Когда Василиса приблизилась, то смогла рассмотреть объект своей неудачной шутки: нос благородной формы, маленький рот, густые и длинные черные ресницы, русые брови, одна из которых изгибалась острым углом, как из-за следа сабельного удара.
— Ну и что это было, орлоклюв? — требовательно спросила девушка. Произношение у нее было странное, и Василиса никак не могла вспомнить, у кого было такое же.
— Это была шутка, гримм, — ответила Василиса и вскинула подбородок. Гримм прищурилась.
— Неудачная шутка, в таком случае.
Добавила, протянув руку:
— Аглая Адамова.
— Василиса Литейщикова, — проговорила Василиса и пожала протянутую руку. А потом они разошлись.
Это могло бы ничего не значить, но почему-то в следующее воскресенье Василиса снова приехала к костелу. Аглая дернула уголком рта в усмешке.
В тот день они так и не разговорились.
В следующее воскресенье Аглая пригласила Василису «прогуляться до ближайшей булочной», рассказала, что родом из Омска, а в Москве учится на «модистку». Василиса не осталась в долгу, рассказывая о детстве и парне.

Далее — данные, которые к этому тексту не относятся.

(* Let $X,Y$ be finite sets with $\max\{|X|,|Y|\}\le N$, $c\in\mathbb R_+^{X\times Y}$, and $\mu=r/M\in\mathcal P(X)$, $\nu=s/M\in\mathcal P(Y)$ for a positive integer $M$ and $r\in\mathbb Z_{++}^X$, $s\in\mathbb Z_{++}^Y$. Let $\varepsilon_1>\varepsilon_2>0$ and let $(\alpha_a,\beta_a)$ be maximizers of $J_{\varepsilon_a}$, $a=1,2$. Run the asynchronous Sinkhorn iteration with parameter $\varepsilon=\varepsilon_2$ initialized with $v^{(0)}=\exp(\beta_1/\varepsilon_2)$. Then for every $q_{\mathrm{target}}\in(0,1)$ there exists $$n\le2+\frac{\varepsilon_1}{\varepsilon_2}\cdot\frac{N(4\log N+24\log M)+\log M}{1-q_{\mathrm{target}}}$$ with $q^{(n)}\ge q_{\mathrm{target}}$.
   Context: For $\varepsilon>0$, $K_\varepsilon(x,y)=\exp(-c(x,y)/\varepsilon)\mu(x)\nu(y)$ and $J_\varepsilon(\alpha,\beta)=\langle\alpha,\mu\rangle+\langle\beta,\nu\rangle-\varepsilon\sum_{x,y}K_\varepsilon(x,y)(\exp((\alpha(x)+\beta(y))/\varepsilon)-1)$. Asynchronous Sinkhorn iteration with parameter $\varepsilon$ and kernel $K=K_\varepsilon$: given $v^{(0)}\in\mathbb R_{++}^Y$, for $\ell\ge0$: $u^{(\ell+1)}=\mu\oslash(Kv^{(\ell)})$, $\hat v^{(\ell+1)}=\nu\oslash(K^\top u^{(\ell+1)})$, $v^{(\ell+1)}=\min\{v^{(\ell)},\hat v^{(\ell+1)}\}$ componentwise, $\pi^{(\ell+1)}=\mathrm{diag}(u^{(\ell+1)})K\mathrm{diag}(v^{(\ell+1)})$, $q^{(\ell+1)}=\sum_{x,y}\pi^{(\ell+1)}(x,y)$; $\oslash$ is componentwise division. *)

From mathcomp Require Import all_boot all_order all_algebra.
From mathcomp Require Import reals sequences exp.
Set Implicit Arguments. Unset Strict Implicit. Unset Printing Implicit Defensive.
Import Order.TTheory GRing.Theory Num.Theory.
Local Open Scope ring_scope.

Section Sinkhorn.
Variables (R : realType) (X Y : finType).

Definition Kmat (eps : R) (c : X -> Y -> R) (mu : X -> R) (nu : Y -> R)
  (x : X) (y : Y) : R := expR (- c x y / eps) * mu x * nu y.

Definition Jdual (eps : R) (c : X -> Y -> R) (mu : X -> R) (nu : Y -> R)
  (a : X -> R) (b : Y -> R) : R :=
  \sum_(x : X) a x * mu x + \sum_(y : Y) b y * nu y
  - eps * \sum_(x : X) \sum_(y : Y)
        Kmat eps c mu nu x y * (expR ((a x + b y) / eps) - 1).

Definition is_Jmaximizer (eps : R) (c : X -> Y -> R) (mu : X -> R) (nu : Y -> R)
  (a : X -> R) (b : Y -> R) : Prop :=
  forall (a' : X -> R) (b' : Y -> R),
    Jdual eps c mu nu a' b' <= Jdual eps c mu nu a b.

Definition sk_u (K : X -> Y -> R) (mu : X -> R) (v : Y -> R) (x : X) : R :=
  mu x / \sum_(y : Y) K x y * v y.

Definition sk_vstep (K : X -> Y -> R) (mu : X -> R) (nu : Y -> R)
  (v : Y -> R) (y : Y) : R :=
  Num.min (v y) (nu y / \sum_(x : X) K x y * sk_u K mu v x).

Fixpoint sk_v (K : X -> Y -> R) (mu : X -> R) (nu : Y -> R) (v0 : Y -> R)
  (l : nat) : Y -> R :=
  match l with
  | 0 => v0
  | l'.+1 => sk_vstep K mu nu (sk_v K mu nu v0 l')
  end.

(* q^(l+1) = sum_{x,y} u^(l+1)(x) K(x,y) v^(l+1)(y),
   with u^(l+1) = mu ./ (K v^(l)); q^(0) is not defined in the paper,
   we set it to 0 for totality (the theorem requires n >= 1). *)
Definition sk_q (K : X -> Y -> R) (mu : X -> R) (nu : Y -> R) (v0 : Y -> R)
  (n : nat) : R :=
  match n with
  | 0 => 0
  | l.+1 => \sum_(x : X) \sum_(y : Y)
              sk_u K mu (sk_v K mu nu v0 l) x * K x y * sk_v K mu nu v0 l.+1 y
  end.

End Sinkhorn.

From mathcomp Require Import all_boot all_order all_algebra.
From mathcomp Require Import reals sequences exp.
From mathcomp Require Import ring lra.
Import Order.TTheory GRing.Theory Num.Theory.
Local Open Scope ring_scope.

Set Implicit Arguments. Unset Strict Implicit.

(* At each temperature the Gibbs plan exp((alpha + beta - c)/eps) mu nu of a
   maximizer (alpha, beta) of J couples mu and nu.  Put
   d = (beta2 - beta1)/eps1 and e = (alpha2 - alpha1)/eps1, so that
   (eps2/eps1) S2 = S1 + e + d for the two log-densities.  If the values of d had a
   gap of width 4 ln M + 2 ln N, the corresponding blocks of X x Y would carry
   S1-mass and S2-mass below 1/M; since mu and nu take values in (1/M)Z the block
   masses must then balance exactly, and comparing the heaviest entry of the
   upper block with the lower block contradicts the width of the gap.  Hence d
   oscillates by at most N (4 ln M + 2 ln N), and optimality of (alpha1, beta1)
   bounds the mean of e + d.

   For the iteration, every shift exp((beta2 + m)/eps2) of the eps2-scaling is
   a fixed point of the Sinkhorn map, and the map is monotone, so for m small
   enough it stays below all iterates.  The potential sum_x mu(x) ln (K v)(x)
   then drops by at least 1 - q at every step and is bounded below; the total
   drop is at most (eps1/eps2) (N (4 ln M + 2 ln N) + ln M), so q reaches
   q_target within the stated number of steps. *)

Section RealFacts.
Variable R : realType.

Lemma subr_ln_ge (a b : R) : 0 < a -> 0 < b -> 1 - b / a <= ln a - ln b.
Proof.
move=> a0 b0; have ba0 : -1 < b / a - 1 by have := divr_gt0 b0 a0; lra.
have := le_ln1Dx ba0; rewrite addrC subrK ln_div ?posrE //; lra.
Qed.

Lemma expR_scale_le (d t : R) : 0 <= d <= 1 -> expR (d * t) <= d * expR t + (1 - d).
Proof.
move=> /andP [d0 d1]; set m := d * expR t + (1 - d).
have m0 : 0 < m by have := expR_gt0 t; rewrite /m; nra.
have em : expR (ln m) = m by rewrite lnK ?posrE.
have tangent_t := expR_ge1Dx (t - ln m); rewrite expRB em in tangent_t.
have tangent_0 := expR_ge1Dx (- ln m); rewrite expRN em in tangent_0.
have mean : d * (expR t / m) + (1 - d) * m^-1 = 1.
  by apply: (@mulIf _ m); rewrite ?gt_eqF // mulrDl -!mulrA !mulVf ?gt_eqF // !mulr1 mul1r.
have := ler_wpM2l d0 tangent_t.
have : (1 - d) * (1 - ln m) <= (1 - d) * m^-1 by apply: ler_wpM2l => //; lra.
by move=> weighted_0 weighted_t; rewrite -em ler_expR; lra.
Qed.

— Впервые я обратила на него внимание, когда мне было шесть. Как вы знаете, Аглая, в детстве существа плохо контролируют схлынивание. Я, конечно, тоже не была исключением. И вот, однажды он увидел меня… такой. И никому об этом не растрепал. Даже поклялся в этом, представляете?
— Похвальная честность, — проговорила Аглая.
— И с тех пор мы самые близкие люди друг для друга. Я, знаете ли, всегда предпочитала общество мальчишек. Верховодила ими в играх, тянула за собой… и они шли за мной. А Ваня — самым первым, как верный адъютант!
На губах Василисы заиграла ностальгическая улыбка.
— Мне кажется, про наши отношения сочиняли с наших пятнадцати, — со смешком заметила она. — Ваня, кстати, меня несколько младше — родился в декабре. А у вас есть кто-нибудь на примете? — обратилась она к Аглае.
К чести своей, Аглая если и смутилась, то быстро взяла себя в руки.
— Есть один… Ваших лет, с Урала родом. Учится в МГИМО… Вы только не подумайте, Василиса, что он для меня важен выгодностью партии!
— Что вы! — улыбнулась Василиса.
— К сожалению, на следующей неделе я встретиться с вами не могу — уезжаю в Омск, — добавила Аглая, прощаясь. — Если хотите, можете встретить меня на вокзале, через две недели в без двадцати шести восемь.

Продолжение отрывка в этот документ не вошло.